= Guðný Guðmundsdóttir =

Icelandic violinist

Guðný Guðmundsdóttir (born 11 January 1948) is an Icelandic violinist and former concertmaster of the Iceland Symphony Orchestra. She has been one of Iceland's most prominent violinists, as well as a leading pedagogue in violin studies.

== Career ==
Guðný began her violin studies in Reykjavík, where she studied with Björn Ólafsson, then concertmaster of the Iceland Symphony, at the Reykjavík College of Music. She later studied at the Eastman School of Music, completing her undergraduate degree. After a year at the Royal College of Music in London, she returned to the United States, completing her master's degree at Juilliard.

In autumn 1974, aged 26, she won an audition to become the concertmaster of the Iceland Symphony Orchestra, becoming the second concertmaster in the orchestra's history, and the first woman. Until her retirement in 2010, she led the orchestra under many of the world's most renowned conductors and soloists, some of the latter including Luciano Pavarotti, Claudio Arrau, Itzhak Perlman, and Mstislav Rostropovich.

Guðný has performed widely as soloist, including dozens of performances with the Iceland Symphony. In 2010, a CD was released of some of her performances with the orchestra, including concertos by Elgar and Britten (both premieres in Iceland), as well as the Austrian-born local composers Herbert H. Ágústsson and Páll Pampichler Pálsson. As a chamber musician, she was a founding member of the Reykjavík Trio in 1988, performing with them both in Iceland and abroad during its 30-year existence.

As a pedagogue, Guðný taught for decades at the Reykjavík School of Music.
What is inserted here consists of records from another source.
Lemma clcvgD f g L M : clcvg f L -> clcvg g M -> clcvg (fun t => f t + g t) (L + M).
Proof.
move=> fL gM; apply: (squeeze_cvg0 (g := fun t => clnorm (f t - L) + clnorm (g t - M))).
  by near=> t; rewrite clnorm_ge0 /= opprD addrACA clnormD.
by have := cvgD fL gM; rewrite addr0; apply.
Unshelve. all: end_near.
Qed.

Lemma clcvgM f g L M : clcvg f L -> clcvg g M -> clcvg (fun t => f t * g t) (L * M).
Proof.
move=> fL gM; apply: (squeeze_cvg0 (g := fun t =>
  clnorm (f t - L) * (clnorm (g t - M) + clnorm M) + clnorm L * clnorm (g t - M))).
  near=> t; rewrite clnorm_ge0 /=.
  have -> : f t * g t - L * M = (f t - L) * (g t - M) + (f t - L) * M + L * (g t - M).
    by rewrite -mulrDr subrK mulrBl mulrBr addrA subrK.
  apply: (le_trans (clnormD _ _)); apply: lerD; last exact: clnormM.
  apply: (le_trans (clnormD _ _)); rewrite [leRHS]mulrDr.
  by apply: lerD; exact: clnormM.
have := cvgD (cvgM fL (cvgD gM (cvg_cst (clnorm M)))) (cvgM (cvg_cst (clnorm L)) gM).
by rewrite mul0r mulr0 addr0; apply.
Unshelve. all: end_near.
Qed.

Lemma clcvg_scale r f L : clcvg f L -> clcvg (fun t => clscale r (f t)) (clscale r L).
Proof.
move=> fL; rewrite /clcvg; under eq_fun do rewrite -clscaleB clnorm_scale.
by have := cvgM (cvg_cst `|r|) fL; rewrite mulr0; apply.
Qed.

Lemma ReB (z w : R[i]) : complex.Re (z - w) = complex.Re z - complex.Re w.
Proof. by case: z; case: w. Qed.

Lemma ImB (z w : R[i]) : complex.Im (z - w) = complex.Im z - complex.Im w.
Proof. by case: z; case: w. Qed.

Lemma Re_realM (r : R) (z : R[i]) : complex.Re ((r%:C)%C * z) = r * complex.Re z.
Proof. by case: z => a b /=; rewrite mul0r subr0. Qed.

Lemma Im_realM (r : R) (z : R[i]) : complex.Im ((r%:C)%C * z) = r * complex.Im z.
Proof. by case: z => a b /=; rewrite mul0r addr0. Qed.

Lemma clcvg_Re (f : R -> Cl) (L : Cl) A : clcvg f L -> complex.Re (f t A) @[t --> (0:R)^'] --> complex.Re (L A).
Proof.
move=> fL; apply/subr_cvg0/norm_cvg0P.
apply: (squeeze_cvg0 (g := fun t => clnorm (f t - L))) => //; near=> t.
rewrite normr_ge0 -ReB; have := norm1_le_clnorm (f t - L) A.
by rewrite !ffunE; apply: le_trans; rewrite lerDl.
Unshelve. all: end_near.
Qed.

Lemma clcvg_Im (f : R -> Cl) (L : Cl) A : clcvg f L -> complex.Im (f t A) @[t --> (0:R)^'] --> complex.Im (L A).
Proof.
move=> fL; apply/subr_cvg0/norm_cvg0P.
apply: (squeeze_cvg0 (g := fun t => clnorm (f t - L))) => //; near=> t.
rewrite normr_ge0 -ImB; have := norm1_le_clnorm (f t - L) A.
by rewrite !ffunE; apply: le_trans; rewrite lerDr.
Unshelve. all: end_near.
Qed.

Lemma clcvg_coef (f : R -> Cl) (L : Cl) :
  (forall A, complex.Re (f t A) @[t --> (0:R)^'] --> complex.Re (L A)) ->
  (forall A, complex.Im (f t A) @[t --> (0:R)^'] --> complex.Im (L A)) ->
  clcvg f L.
Proof.
move=> fRe fIm; rewrite /clcvg /clnorm.
under eq_fun do under eq_bigr do rewrite !ffunE /norm1 ReB ImB.
apply: sum_cvg0 => A.
have dist0 (g : R -> R) l : g t @[t --> (0:R)^'] --> l -> `|g t - l| @[t --> (0:R)^'] --> (0:R).
  by move=> gl; have := cvg_norm (proj2 (subr_cvg0 _ _) gl); rewrite normr0; apply.
by have := cvgD (dist0 _ _ (fRe A)) (dist0 _ _ (fIm A)); rewrite addr0; apply.
Qed.

End CliffordLimits.

Section DifferenceQuotients.
Local Open Scope classical_set_scope.
Variables (R : realType) (p q : nat).
Local Notation n := (cldim p q).
Local Notation Cl := (Cl R p q).
Local Notation V := 'rV[R]_n.

Definition dquot (F : V -> Cl) (x v : V) (t : R) : Cl :=
  clscale t^-1 (F (t *: v + x) - F x).

Lemma dquot_Re (F : V -> Cl) x v A :
  (fun t : R => t^-1 *: (((fun y => complex.Re (F y A)) \o shift x) (t *: v)
     - complex.Re (F x A))) = (fun t => complex.Re (dquot F x v t A)).
Proof. by apply/funext => t; rewrite /dquot !ffunE Re_realM ReB. Qed.

Lemma dquot_Im (F : V -> Cl) x v A :
  (fun t : R => t^-1 *: (((fun y => complex.Im (F y A)) \o shift x) (t *: v)
     - complex.Im (F x A))) = (fun t => complex.Im (dquot F x v t A)).
Proof. by apply/funext => t; rewrite /dquot !ffunE Im_realM ImB. Qed.

Lemma clpartial_cvg (F : V -> Cl) x mu (L : Cl) :
  clcvg (dquot F x (@coordvec R p q mu)) L -> clpartial mu F x = L.
Proof.
move=> FL; apply/ffunP => A; rewrite ffunE /rpartial /derive dquot_Re dquot_Im.
rewrite (cvg_lim (@Rhausdorff R) (clcvg_Re (A := A) FL)).
by rewrite (cvg_lim (@Rhausdorff R) (clcvg_Im (A := A) FL)); case: (L A).
Qed.

Lemma clsmooth_cvg (F : V -> Cl) x mu :
  clsmooth F -> clcvg (dquot F x (@coordvec R p q mu)) (clpartial mu F x).
Proof.
move=> F_smooth; apply: clcvg_coef => A; rewrite ffunE /rpartial /derive /=.
- by have := ((F_smooth A).1 [::]).1 x mu; rewrite /derivable /= dquot_Re.
- by have := ((F_smooth A).2 [::]).1 x mu; rewrite /derivable /= dquot_Im.
Qed.

Lemma clcvg_shift (F : V -> Cl) x v L :
  clcvg (dquot F x v) L -> clcvg (fun t => F (t *: v + x)) (F x).
Proof.
move=> FL; apply: (squeeze_cvg0 (g := fun t =>
  `|t| * (clnorm (dquot F x v t - L) + clnorm L))).
  near=> t; rewrite clnorm_ge0 /=.
  have t_neq0 : t != 0 by near: t; exact: nbhs_dnbhs_neq.
  have -> : F (t *: v + x) - F x = clscale t (dquot F x v t).
    by rewrite /dquot clscaleM mulfV // clscale1.
  rewrite clnorm_scale; apply: ler_wpM2l; first exact: normr_ge0.
  by rewrite -{1}(subrK L (dquot F x v t)) clnormD.
have := cvgM (@cvg_normr_at0 R) (cvgD FL (cvg_cst (clnorm L))).
by rewrite mul0r; apply.
Unshelve. all: end_near.
Qed.

Lemma dquotM (F G : V -> Cl) x v t :
  dquot (fun y => F y * G y) x v t = dquot F x v t * G (t *: v + x) + F x * dquot G x v t.
Proof.
rewrite /dquot clscaleAl clscaleAr -clscaleD; congr clscale.
by rewrite mulrBl mulrBr addrA subrK.
Qed.

Lemma clcvg_dquotM (F G : V -> Cl) x v L M :
  clcvg (dquot F x v) L -> clcvg (dquot G x v) M ->
  clcvg (dquot (fun y => F y * G y) x v) (L * G x + F x * M).
Proof.
move=> FL GM; rewrite /clcvg; under eq_fun do rewrite dquotM.
apply: clcvgD; first exact: clcvgM FL (clcvg_shift GM).
exact: clcvgM (clcvg_cst _) GM.
Qed.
With the founding of the Iceland University of the Arts in 2002, she led the violin department there for more than a decade. Among her students are most of Iceland's leading violinists, such as Sigrún Eðvaldsdóttir, Sibbi Bernharðsson, Sif Tulinius and Elfa Rún Kristinsdóttir.

Guðný has received various honors and recognitions for her work. In 1989, she was made Commander of the Order of the Falcon for her contribution to music. She received the DV Culture Prize in 1990. Her CD of Icelandic solo violin music was nominated for the Icelandic Music Awards in 2003.

== Selected recordings ==

- Karólína Eiríksdóttir: In vultu solis. On Karólína Eiríksdóttir: Portrait. Iceland Music Information Center, 1991.
- Edvard Grieg: Violin Sonatas. With Peter Maté, piano. Japis, 1994.
- Jónas Tómasson: Vetrartré (Winter Trees). On Jónas Tómasson: Portrait. Iceland Music Information Center, 1997.
- Piano trios by Beethoven, Dvořák, and Jón Nordal. Reykjavík Piano Trio, with Gunnar Kvaran and Peter Maté. Japis, 1999.
- Icelandic Works for Solo Violin. Polarfonia Classics, 2002.
- Guðný Guðmundsdóttir: Fiðlukonsertar. With Iceland Symphony Orchestra. Smekkleysa, 2010.